Выбрать главу

А застолье состоялось благодаря моему с Кузнецовым пари.

Книга вышла в день зарплаты. Бухгалтерия была готова выписать нам гонорар. Но еще не пришла справка из Книжной палаты, в которой указывалось, какое по счету издание на русском языке имеет то или иное стихотворение. А так как «Сияние в Саянах» было новинкой, то и предоставление этой справки было несложным делом для палаты.

Я договорился с бухгалтерами «Современника» о том, что к вечеру принесу этот желанный документ, а они выдадут гонорар. После чего объявил Юрию Поликарповичу:

– Вечером обмоем наше «Сияние».

– А что, – удивился Кузнецов, – справка пришла?

– Сама сегодня уже не придет, но я ее добуду!

– Слабо! – сказал Кузнецов. И мы ударили по рукам.

Я позвонил в Книжную палату заведующей Конюшовой. Рассказал ей выдуманную на ходу историю о том, что бурятский автор Лопсон Тапхаев сейчас находится в Москве, но завтра улетает в Прагу, а так как у него есть шанс получить в издательстве «Современник» гонорар, то не могли бы Вы выдать справку сегодня.
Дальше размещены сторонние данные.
Lemma phat_coefE (j : nat) : (j <= m)%N ->
  \sum_(k < m.+1) phat_prefactor k * \sum_(n < m.+1) phat_term k n * 'C(n, j)%:R * j`!%:R
  = coef_C j.
Proof.
move=> le_jm.
pose H k := j`!%:R * 'C(k, j)%:R * poch (m%:R - k%:R + 1) (k - j) / k`!%:R
   * (poch a k * poch t k * poch (c - a - m%:R - t) (m - k) / poch (c - b - m%:R) k).
transitivity ((-1) ^+ j * poch b j / poch (c - a - m%:R) m * \sum_(k < m.+1) H k).
  rewrite mulr_sumr; apply: eq_bigr => k _; have le_km := leq_ord k.
  rewrite sum_phat_term_bin //.
  (* b + m - k + 1 reflects to -b - m, the parameter in the prefactor *)
  have := phat_denom_neq0 (leqnn k) le_km.
  rewrite poch_reflect opprD mulf_eq0 negb_or => /andP[_ bmk].
  have ck : poch (c - b - m%:R) k != 0 by apply: poch_neq0_le cbm_neq0.
  rewrite /phat_prefactor /H.
  by field; rewrite ck natr_fact_neq0 cam_neq0 bmk signr_eq0.
rewrite /coef_C; congr (_ * _).
rewrite (@sum_ord_shift0 _ j m.+1 H (leqW le_jm)) => [|k lt_kj]; last first.
  by rewrite /H bin_small // mulr0 !mul0r.
rewrite subSn //; apply: eq_bigr => i _.
rewrite /H subnDA addKn (_ : m%:R - (j + i)%:R = (m - j)%:R - i%:R :> F); last first.
  by rewrite natrD natrB //; ring.
rewrite poch_nat_ffact.
have -> : j`!%:R * 'C(j + i, j)%:R * ((m - j) ^_ i)%:R / (j + i)`!%:R = 'C(m - j, i)%:R :> F.
  apply: (canLR (mulfK (natr_fact_neq0 F (j + i)))); rewrite -!natrM; congr _%:R.
  by rewrite -bin_ffact -(bin_fact (leq_addr i j)) addKn; ring.
by rewrite !mulrA.
Qed.

Lemma hypF_3F2_expand (j : nat) : (j <= m)%N ->
  hypF (m - j) [:: - (m%:R) + j%:R; t + j%:R; c - a - b - m%:R]
                 [:: c - a - m%:R + j%:R; c - b - m%:R + j%:R]
  = \sum_(n < (m - j).+1) \sum_(i < (m - j).+1)
      (-1) ^+ n * 'C(m - j, n)%:R * 'C(n, i)%:R * (-1) ^+ i
      * poch (t + j%:R) n / poch (c - a - m%:R + j%:R) n
      * poch (a + j%:R) i / poch (c - b - m%:R + j%:R) i.
Proof.
move=> le_jm; rewrite /hypF; apply: eq_bigr => n _.
have le_n : (n <= m - j)%N by rewrite -ltnS.
set y := c - b - m%:R + j%:R.
have yn : poch y n != 0 by apply: poch_shift_neq0 cbm_neq0; lia.
rewrite !big_cons !big_nil !mulr1.
rewrite (_ : - (m%:R) + j%:R = - (m - j)%:R :> F); last by rewrite natrB //; ring.
rewrite (_ : c - a - b - m%:R = y - (a + j%:R)); last by rewrite /y; ring.
rewrite [LHS](_ : _ = poch (- (m - j)%:R) n / n`!%:R
    * (poch (t + j%:R) n / poch (c - a - m%:R + j%:R) n)
    * (poch (y - (a + j%:R)) n / poch y n)); last by rewrite !invfM; ring.
rewrite poch_opp_nat_div_fact chu_vandermonde_div //.
rewrite -(@sum_ord_widen0 _ n.+1 (m - j).+1
  (fun i => 'C(n, i)%:R * (-1) ^+ i * poch (a + j%:R) i / poch y i)) //;
  last by move=> i lt_ni; rewrite bin_small // !mul0r.
by rewrite mulr_sumr; apply: eq_bigr => i _; ring.
Qed.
И пусть нас разделяло расстояние от м. «Молодежное» до м. «Библиотека Ленина», но я увидел, как на другом конце провода заведующая Конюшова широко улыбнулась моей хитрости, а въяве сказала:

– Так пусть Лопсон Тапхаев и придет за справкой сам.
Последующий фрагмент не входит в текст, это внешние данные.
(* System 2 has exactly four fixed points, the double poles $p_{\varepsilon_1,\varepsilon_2}=((0,0,\varepsilon_11),(0,0,\varepsilon_21))$, $\varepsilon_1,\varepsilon_2\in\{+,-\}$. The fixed points $p_{+,+}$, $p_{-,+}$ and $p_{-,-}$ are non-degenerate of elliptic-elliptic type for all $t\in[0,1]$, while $p_{+,-}$ is non-degenerate of elliptic-elliptic type if $t<t^-$ or $t>t^+$, non-degenerate of focus-focus type if $t^-<t<t^+$, and degenerate if $t\in\{t^-,t^+\}$, where $$t^\pm=\frac{R_2}{2R_2+R_1\mp2\sqrt{R_1R_2}}.$$
   Context: Let $0<R_1<R_2$ and $t\in[0,1]$. On $M=S^2\times S^2$ with Cartesian coordinates $(x_i,y_i,z_i)$, $x_i^2+y_i^2+z_i^2=1$, and cylindrical coordinates $(\theta_i,z_i)$, $\theta_i=\arg(x_i+iy_i)$, System 2 is the $b$-integrable system with $Z=\{z_1=0\}$, $b$-symplectic form $\omega=R_1\frac{dz_1}{z_1}\wedge d\theta_1+R_2\,dz_2\wedge d\theta_2$ (in the local chart $(x_1,y_1,x_2,y_2)$ on $\{\varepsilon_1z_1>0,\varepsilon_2z_2>0\}$: $\omega=-\frac{R_1}{1-x_1^2-y_1^2}dx_1\wedge dy_1-\varepsilon_2\frac{R_2}{\sqrt{1-x_2^2-y_2^2}}dx_2\wedge dy_2$), and $L=R_1\log|z_1|+R_2z_2$, $H=(1-t)\log|z_1|+t(x_1x_2+y_1y_2+z_1z_2)$. A fixed point is a point where $dL=dH=0$. A fixed point $p$ with $\Omega$ the matrix of $\omega$ at $p$ is non-degenerate if $A_L=\Omega^{-1}d^2L(p)$, $A_H=\Omega^{-1}d^2H(p)$ span a Cartan subalgebra of $\mathfrak{sp}(4,\mathbb R)$; it is elliptic-elliptic if some combination $c_1A_L+c_2A_H$ has four distinct eigenvalues $\pm i\alpha,\pm i\beta$ ($\alpha\ne\beta$ nonzero reals) and focus-focus if such a combination has eigenvalues $\pm\alpha\pm i\beta$ with $\alpha,\beta$ nonzero reals. *)

From HB Require Import structures.
From mathcomp Require Import all_boot all_order all_algebra.
From mathcomp Require Import all_classical all_reals all_analysis.
From mathcomp Require Import complex.

Set Implicit Arguments.
Unset Strict Implicit.
Unset Printing Implicit Defensive.

Import Order.TTheory GRing.Theory Num.Theory.
Import numFieldNormedType.Exports.
Local Open Scope ring_scope.

(* Points of S^2 x S^2 are rows
   p : 'rV[R]_6 with p = (x1,y1,z1,x2,y2,z2).  Signs eps in {+,-} are bools
   (true = +). *)

Section System2.
Variable R : realType.

Definition co (p : 'rV[R]_6) (k : nat) : R := p ord0 (inord k).
Definition cu (u : 'rV[R]_4) (k : nat) : R := u ord0 (inord k).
Но меня уже трудно было остановить.

Дядя моей жены по имени Ахмет имел вполне восточный вид, а при галстуке и в шляпе выглядел убедительно и солидно.

Когда мы с Ахметом вошли в огромный зал Книжной палаты, где за тесными столиками сидело не меньше трех десятков женщин, работающих над пресловутыми справками, и где, словно классный руководитель, за столом пошире угадывалась наша заведующая, мы наперебой заговорили с родственником на таком замысловатом языке и так громко, что заведующая Конюшова без проволочки выдала Лопсону-Ахмету желанную справку. Суть моего плана была проста. Я с детства знал наизусть несколько стихотворений на казахском языке, а Ахмета не надо было учить татарскому. Вот мы и разыграли нехитрую сценку.

Ахмет поблагодарил Конюшову на своем родном языке. А я, размахивая руками и как бы объясняя существо происходящего своему спутнику, прочел очередное стихотворение на языке бескрайних степей, выученное еще в семипалатинской средней школе. Собственно, в этом и заключался секрет нашего «толмачества», где бурятским языком даже не пахло.

Справку я принес сначала Кузнецову – в знак того, что пари выиграно. Потом отдал в бухгалтерию. И мы получили гонорар.

А еще через полгода Лопсон Тапхаев за книгу «Сияние в Саянах» получил премию Ленинского комсомола. Но и это еще не все. Наш поход в Книжную палату обрел черты легенды, и татарская родня переименовала дядьку Ахмета в Лопсона и под этим благословенным вторым именем он счастливо прожил до старости.

Не дозрел

Кому-то Кузнецов казался слишком мрачным, кому-то – замкнутым. Когда я начал его понимать, стало очевидным – не только в минуты некой отрешенности, но всегда и везде его не покидала неотвязная и неведомая сосредоточенность. «Простим угрюмость…»

То ли на 23 февраля, то ли на 9 мая наша редакция выпустила серьезную стенгазету. И передовица в ней была серьезная, и стихотворение Юрия Кузнецова тоже:

Бывает у русского в жизни

Такая минута, когда

Раздумье его об отчизне

Сияет в душе, как звезда…

Такой оборот показался мне декларативным и прямолинейным. Стоя в тесном коридорчике, который одновременно служил для нас курилкой, я решил с «выражением» прочесть эти строки в присутствии других сотрудников. Прочесть так, чтобы они увидели: и на старуху бывает проруха. Я вошел в раж и не заметил, как за моей спиной вырос Кузнецов. Он положил руку на мое плечо и с сожалением произнес:

– Не дозрел!

Но уже через час мы вместе обедали в столовой.

Он не был угрюмым, потому что не помнил и не держал зла.

Песня Бога

В Литературном институте состоялся вечер памяти Юрия Кузнецова. Там же была попытка презентации книги Кузнецова «Крестный путь», которая по какому-то фантастическому недомыслию издателей вышла под названием «Крестный ход». Ошибку они осознали в тот момент, когда весь тираж был уже отпечатан. Поэтому в ходе вечера выступающие несколько раз запинались об этот казус, и когда очередь дошла до выступления редактора, его в зале уже не было. Но вечер получился чинный.